AZRAEL- They are our holy robes...
LUTHER- Damn it, I don't even want to be the Great Fallen One of a
damn transvestite chapter!
I wonder if the Ultramarines could recruit me as some sort of arch-
enemy of old? At least they don't wear dressing gowns into battle!
EZEKIEL- If I can just make a point...
LUTHER- Just get out of my sight. You're scum. I don't even want to
look at you.
ASMODAI- But Sir...
LUTHER- SPEAK WHEN YOU'RE SPOKEN TO, MONK BOY!!! Now, get out.
(Azrael, Asmodai and Ezekiel shuffle out of the cinema. Luther
settles back in his seat and rests his feet on a Watcher in the Dark)
LUTHER- Thank Chaos for that.
TWO WEEKS LATER, THE EMPEROR'S THRONEROOM...
ADEPTUS CUSTODES- Lord God Imperator?
THE BIG GUY- Yeeeeeeeesss...?
ADEPTUS CUSTODES- (hands the Throne Geezer a piece of paper) The Dark
Angels wish to hand in their letter of resignation...
THE BIG GUY- WTF!!?
ADEPTUS CUSTODES- Apparently they've had rather a strict talking-to
and they've just had enough of being bullied really. They want to
quit.
THE BIG GUY- BY MY GOLDEN TOILET, THEY CANNOT SIMPLY QUIT!!!
ADEPTUS CUSTODES- Oh, they did kill Cypher though...
THE BIG GUY- Ah well, guess no rebirth for me... and I really wanted
to be the Star Child too...

THE END


----------



## Elchimpster (Jan 31, 2007)

Q: how many AM tech magi does it take to screw in a light bulb?

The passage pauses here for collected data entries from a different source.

(* Let $f\in C^1[0,1]$ with $f(0)=0$, $h:=f'$, and $q$ satisfying (q). Then (i) $\beta(c_2)<\beta(c_1)$ for all $c_2>c_1>c^*$; (ii) $\beta(c)\to-\infty$ as $c\to+\infty$.
   Context: Condition (q): $q\in C[0,1]$, $q>0$ on $(0,1)$, $q(0)=q(1)=0$, and $\limsup_{\varphi\to0^+}q(\varphi)/\varphi<+\infty$. For $c\in\mathbb R$, a solution of problem $(P_c)$ is a function $z\in C[0,1]\cap C^1(0,1)$ with $\dot z(\varphi)=h(\varphi)-c-q(\varphi)/z(\varphi)$ and $z(\varphi)<0$ for all $\varphi\in(0,1)$, and $z(0)=0$. A solution of $(P^{00}_c)$ is a solution of $(P_c)$ which also satisfies $z(1)=0$. $c^*$ denotes the real number such that $(P^{00}_c)$ has a solution iff $c\ge c^*$ (that solution being unique). For $c>c^*$, $\beta(c)<0$ denotes the number such that, for $b<0$, $(P_c)$ has a solution with $z(1)=b$ iff $b\ge\beta(c)$. *)

From Stdlib Require Import Reals.
From Coquelicot Require Import Coquelicot.
Open Scope R_scope.

Definition cont_on_01 (g : R -> R) : Prop :=
  forall x, 0 <= x <= 1 ->
    filterlim g (within (fun y => 0 <= y <= 1) (locally x)) (locally (g x)).

Definition C1_01 (f h : R -> R) : Prop :=
  (forall x, 0 <= x <= 1 ->
     filterlim (fun y => (f y - f x) / (y - x))
       (within (fun y => 0 <= y <= 1 /\ y <> x) (locally x)) (locally (h x)))
  /\ cont_on_01 h.

Definition cond_q (q : R -> R) : Prop :=
  cont_on_01 q /\
  (forall x, 0 < x < 1 -> 0 < q x) /\
  q 0 = 0 /\ q 1 = 0 /\
  (* limsup_{phi -> 0+} q(phi)/phi < +oo *)
  (exists M delta, 0 < delta /\ forall x, 0 < x < delta -> q x / x <= M).

Definition sol_P (h q : R -> R) (c : R) (z : R -> R) : Prop :=
  cont_on_01 z /\
  (forall x, 0 < x < 1 -> ex_derive z x /\ continuous (Derive z) x) /\
  (forall x, 0 < x < 1 -> Derive z x = h x - c - q x / z x) /\
  (forall x, 0 < x < 1 -> z x < 0) /\
  z 0 = 0.

Definition sol_P00 (h q : R -> R) (c : R) (z : R -> R) : Prop :=
  sol_P h q c z /\ z 1 = 0.

(* Both claims follow from the linear drop estimate (lemma [beta_drop])
       beta(c') <= beta(c) - (c' - c)        for c* < c < c'.
   Let z solve (P_c) with z(1) = beta(c) and u solve (P_c') with u(1) = beta(c').
   If y0 := beta(c) - (c' - c) were below beta(c'), integrate the equation of
   (P_c') backwards from y(1) = y0, with z replaced by min(z, u) so that the
   right-hand side is globally Lipschitz on every strip [d,1] x R.  A comparison
   principle traps y between z - (c' - c) x and u on (0,1]; hence the truncation
   is inactive, y is negative and vanishes at 0+, so y solves (P_c') with
   y(1) = y0 < beta(c'), contradicting the definition of beta(c'). *)

From Stdlib Require Import Reals Lra.
From Coquelicot Require Import Coquelicot.
Open Scope R_scope.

A: three, one to hold the ladder, one to change the bulb, and one to swing the incense.



Why are the UM's called Smurfs? Why are Ba called swiss cheese? Why are space wolfs called mad drunken raving mindless... ahem, yes



An inquisitor walks into a bar.

++POST TERMINATED BY AUTHORITY OF THE INQUISITION++



What's the difference between 10 dead guardsmen and a Leman Russ?

I don't have a Leman Russ in my garage...

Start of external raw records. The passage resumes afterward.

(* Let $X_2$ be a first-order linear partial differential operator and $H\neq 0$ a linear partial differential operator, both in $\mathbf{F}[D_{x_1},\ldots,D_{x_n}]$. Then the element $\omega = -[X_2,H]H^{-1}$ of the skew Ore field $\mathbf{F}(D_{x_1},\ldots,D_{x_n})$ is a differential operator (i.e. lies in $\mathbf{F}[D_{x_1},\ldots,D_{x_n}]$) if and only if there is a function $\psi\in\mathbf{F}$ such that $HX_2 = (X_2+\psi)H$.
   Context: $\mathbf{F}$ is a differential field of functions of $x_1,\ldots,x_n$; $\mathbf{F}[D_{x_1},\ldots,D_{x_n}]$ is the ring of linear partial differential operators with coefficients in $\mathbf{F}$, and $\mathbf{F}(D_{x_1},\ldots,D_{x_n})$ its skew Ore field of formal left fractions $P^{-1}Q$ (with $P^{-1}Q\sim K^{-1}N$ iff $SP=TK$, $SQ=TN$ for some nonzero operators $S,T$). $[A,B]=AB-BA$. *)

From HB Require Import structures.
From mathcomp Require Import all_boot all_order all_algebra.
From mathcomp Require Import mpoly.
Set Implicit Arguments. Unset Strict Implicit. Unset Printing Implicit Defensive.
Import GRing.Theory.
Local Open Scope ring_scope.

Record diffField (F : fieldType) (n : nat) := DiffField {
  der : 'I_n -> F -> F;
  der_add : forall i a b, der i (a + b) = der i a + der i b;
  der_mul : forall i a b, der i (a * b) = der i a * b + a * der i b;
  der_comm : forall i j a, der i (der j a) = der j (der i a)
}.

(* Linear partial differential operators F[D_1,...,D_n]:
   the operator  sum_m c_m D^m  (coefficients on the left) is represented by
   the multivariate polynomial  sum_m c_m 'X^m  in {mpoly F[n]} (additive
   structure and F-left-scaling agree); the product is the
   non-commutative one given by D_i a = a D_i + d_i(a). *)
Section LPDO.
Variables (F : fieldType) (n : nat) (d : diffField F n).

(* left multiplication by D_i :  D_i (sum c_m D^m) = sum (d_i c_m) D^m + c_m D^(m+e_i) *)
Definition lmulD (i : 'I_n) (L : {mpoly F[n]}) : {mpoly F[n]} :=
  map_mpoly (der d i) L + L * 'X_i.

Definition lmulDm (m : 'X_{1..n}) (L : {mpoly F[n]}) : {mpoly F[n]} :=
  foldr (fun i acc => iter (m i) (lmulD i) acc) L (enum 'I_n).

Definition opmul (L M : {mpoly F[n]}) : {mpoly F[n]} :=
  \sum_(m <- msupp L) (L@_m) *: lmulDm m M.

Definition opcomm (A B : {mpoly F[n]}) : {mpoly F[n]} :=
  opmul A B - opmul B A.

Definition has_order_le (k : nat) (L : {mpoly F[n]}) : Prop :=
  forall m, m \in msupp L -> (mdeg m <= k)%N.

End LPDO.

From mathcomp Require Import all_boot all_algebra.
From mathcomp Require Import mpoly.
From mathcomp Require ssrcomplements.
From mathcomp Require Import zify.
Import GRing.Theory.
Local Open Scope ring_scope.

(* Read an operator as the commutative polynomial of its coefficients, so
   that [msize] is its order plus one.  Since D_i a = a D_i + d_i(a), the
   operator product agrees with the commutative product up to terms of lower
   order; hence a commutator of operators of orders a and h has order at
   most a + h - 1.  If -[X2, H] = L H with X2 of order 1, comparing orders
   gives ord L + h <= h, so L is a function psi. *)

Section OperatorProduct.
Context {F : fieldType} {n : nat} (d : diffField F n).
Implicit Types (A M P Q : {mpoly F[n]}) (f g : {mpoly F[n]} -> {mpoly F[n]}).

Lemma msizeM_le_pred {A B a b} :
  (msize A <= a)%N -> (msize B <= b)%N -> (msize (A * B) <= (a + b).-1)%N.
Proof.
move=> sA sB; have [->|nA] := eqVneq A 0; first by rewrite mul0r msize0.
have [->|nB] := eqVneq B 0; first by rewrite mulr0 msize0.
by rewrite msizeM // -!subn1 leq_sub2r // leq_add.
Qed.

Lemma msize_map_mpoly_le (f : F -> F) A : (msize (map_mpoly f A) <= msize A)%N.
Proof.
rewrite /map_mpoly /mmap /=; apply: leq_trans; first exact: msize_sum.
apply/bigmax_leqP_seq => m mA _.
rewrite /mmap1 -mpolyXE_id /= mul_mpolyC.
by apply: (leq_trans (msizeZ_le _ _)); rewrite msizeX; apply: msize_mdeg_lt.
Qed.

Lemma msize_le_of_order_le k A : has_order_le k A -> (msize A <= k.+1)%N.
Proof. by move=> hA; rewrite msizeE; apply/bigmax_leqP_seq => m /hA. Qed.

Definition principal_part f P k :=
  (msize P <= k.+1)%N /\
  forall A a, (msize A <= a.+1)%N -> (msize (f A - A * P) <= a + k)%N.

Lemma principal_part_id : principal_part id 1 0.
Proof. by split=> [|A a _]; rewrite ?msize1 // mulr1 subrr msize0. Qed.

Lemma principal_part_comp {f g P Q k l} :
  principal_part f P k -> principal_part g Q l ->
  principal_part (g \o f) (P * Q) (k + l).
Proof.
move=> [sP hf] [sQ hg]; split.
  by apply: (leq_trans (msizeM_le_pred sP sQ)); lia.
move=> A a sA.
have sfA : (msize (f A) <= (a + k).+1)%N.
  rewrite -[f A](subrK (A * P)); apply: (leq_trans (msizeD_le _ _)).
  rewrite geq_max (leq_trans (hf A a sA)) //=.
  by apply: (leq_trans (msizeM_le_pred sA sP)); lia.
have -> : (g \o f) A - A * (P * Q) = (g (f A) - f A * Q) + (f A - A * P) * Q.
  by rewrite mulrBl mulrA addrA subrK.
apply: (leq_trans (msizeD_le _ _)); rewrite geq_max addnA hg //=.
by apply: (leq_trans (msizeM_le_pred (hf A a sA) sQ)); lia.
Qed.

Lemma principal_part_iter {f P k} j :
  principal_part f P k -> principal_part (iter j f) (P ^+ j) (k * j).
Proof.
move=> hf; elim: j => [|j IH]; first by rewrite expr0 muln0; exact: principal_part_id.
by rewrite exprSr mulnS addnC; apply: principal_part_comp.
Qed.

Lemma principal_part_lmulD i : principal_part (lmulD d i) 'X_i 1.
Proof.
split=> [|A a sA]; first by rewrite msizeX mdeg1.
rewrite /lmulD addrK (leq_trans (msize_map_mpoly_le _ _)) //.
by rewrite addn1.
Qed.

Lemma principal_part_lmulDm m : principal_part (lmulDm d m) 'X_[m] (mdeg m).
Proof.
rewrite mpolyXE_id mdegE -!big_enum /= /lmulDm.
elim: (enum 'I_n) => [|i s IH]; first by rewrite !big_nil; exact: principal_part_id.
rewrite !big_cons mulrC addnC.
have := principal_part_comp IH (principal_part_iter (m i) (principal_part_lmulD i)).
by rewrite mul1n.
Qed.

Lemma opmul_sum_ord A M k : (msize A <= k)%N ->
  opmul d A M = \sum_(m : 'X_{1..n < k}) A@_m *: lmulDm d m M.
Proof.
move=> sA; rewrite /opmul (ssrcomplements.big_mksub 'X_{1..n < k}) ?msupp_uniq //=.
  by rewrite big_rmcond //= => m /memN_msupp_eq0 ->; rewrite scale0r.
by move=> m /msize_mdeg_lt /leq_trans; apply.
Qed.

Lemma opmulDl A B M : opmul d (A + B) M = opmul d A M + opmul d B M.
Proof.
pose k := (msize A + msize B)%N.
rewrite !(@opmul_sum_ord _ _ k) ?leq_addr ?leq_addl //; last first.
  by apply: (leq_trans (msizeD_le _ _)); rewrite geq_max leq_addr leq_addl.
by rewrite -big_split; apply: eq_bigr => m _; rewrite mcoeffD scalerDl.
Qed.

Lemma msize_opmul_sub_mul {A M a j} :
  (msize A <= a.+1)%N -> (msize M <= j.+1)%N ->
  (msize (opmul d A M - A * M) <= j + a)%N.
Proof.
move=> sA sM.
have -> : opmul d A M - A * M =
    \sum_(m <- msupp A) A@_m *: (lmulDm d m M - M * 'X_[m]).
  rewrite {2}[A]mpolyE mulr_suml /opmul -sumrB; apply: eq_bigr => m _.
  by rewrite scalerBr -scalerAl mulrC.
apply: leq_trans; first exact: msize_sum.
apply/bigmax_leqP_seq => m mA _; apply: (leq_trans (msizeZ_le _ _)).
have [_ hm] := principal_part_lmulDm m.
apply: (leq_trans (hm M j sM)); rewrite leq_add2l -ltnS.
exact: leq_trans (msize_mdeg_lt mA) sA.
Qed.

Lemma msize_opcomm {A M a j} :
  (msize A <= a.+1)%N -> (msize M <= j.+1)%N ->
  (msize (opcomm d A M) <= j + a)%N.
Proof.
move=> sA sM.
have -> : opcomm d A M = (opmul d A M - A * M) - (opmul d M A - M * A).
  by rewrite /opcomm mulrC opprB addrA subrK.
apply: (leq_trans (msizeD_le _ _)); rewrite msizeN geq_max.
by rewrite msize_opmul_sub_mul //= addnC msize_opmul_sub_mul.
Qed.

Lemma msize_opcomm_quotient {X H L a} :
  (msize X <= a.+1)%N -> H != 0 -> - opcomm d X H = opmul d L H ->
  (msize L <= a)%N.
Proof.
move=> sX nH hL; rewrite leqNgt; apply/negP => lL.
have nL : L != 0 by rewrite -msize_poly_eq0; case: (msize L) lL.
have sH : msize H = (msize H).-1.+1 by rewrite prednK // lt0n msize_poly_eq0.
have sL : msize L = (msize L).-1.+1 by rewrite prednK //; case: (msize L) lL.
have sLH : msize (L * H) = (msize L + (msize H).-1)%N.
  by rewrite msizeM // sH addnS.
have E1 := msize_opcomm sX (eq_leq sH).
have E2 := msize_opmul_sub_mul (eq_leq sL) (eq_leq sH).
have : (msize (L * H) <= maxn ((msize H).-1 + a) ((msize H).-1 + (msize L).-1))%N.
  have -> : L * H = - opcomm d X H - (opmul d L H - L * H).
    by rewrite hL opprB addrC subrK.
  apply: (leq_trans (msizeD_le _ _)).
  by rewrite !msizeN geq_max !leq_max E1 E2 orbT.
by rewrite sLH; move: lL; lia.
Qed.

End OperatorProduct.

Theorem lemma2 (F : fieldType) (n : nat) (d : diffField F n)
    (X2 H : {mpoly F[n]}) :
  has_order_le 1 X2 -> H != 0 ->
  ((exists L : {mpoly F[n]}, - opcomm d X2 H = opmul d L H) <->
   (exists psi : F, opmul d H X2 = opmul d (X2 + psi%:MP) H)).
Proof.
move=> /msize_le_of_order_le sX2 nH; split=> [[L hL]|[psi hpsi]].
- exists L@_0; rewrite -(msize1_polyC (msize_opcomm_quotient d sX2 nH hL)).
  by rewrite opmulDl -hL /opcomm opprB addrC subrK.
- by exists psi%:MP; rewrite /opcomm hpsi opmulDl opprB addrC addKr.
Qed.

How do you get mashed guardsman out of a bowl?

With chips...



How many guarsdmen does it take to paint a Leman Russ?

It depends on how hard you throw them...



How do you make a dead guardsman float?

With two scoops of ice cream



How many dead guardsmen does it take to screw in a light bulb?

It depends on how much metal you stuck through them.



Brother Scout Frederick walks into a bar on Ventarus III, which is mounted at the top of a hive spire. He sees venerable Assault Brother Jentaro sitting at the bar and takes a seat.

"So, what do you carry in that big backpack, Brother Jentaro?"

"Oh, nothing. Know what's really cool about this bar?"

"No..."

"If you jump out that window, you come straight back up."

"Prove it!"

"Fine."

Brother Jentaro jumps out the window, engages his jumppack, and flies in through the window.

"Wow, cool!"

f00lish Brother Scout Frederick jumps out the window and gets splattered all over the ground. The bartender says:

"Wow sir, you're one mean @$$ when you're drunk."

"Yeah well, this is some good fenrisian ale."



Chaplain Dedicus and Captain Insubordin go golfing on Ordus Prime. On the first hole, the chaplain shoots and does pretty well, getting just above par. The captain though, shoots way too hard, and blasts the ball all the way across the course, going right through a guardsman.

"Emperor's damnation, I missed!"

"You musn't say the Emperor's name in vain, for He shall strike you down!"

"Yeah yeah, whatever."

So they go to the next hole, and the chaplain shoots and does great, getting a hole in one. The captain again shoots way too hard and blows a hole through a passing rhino.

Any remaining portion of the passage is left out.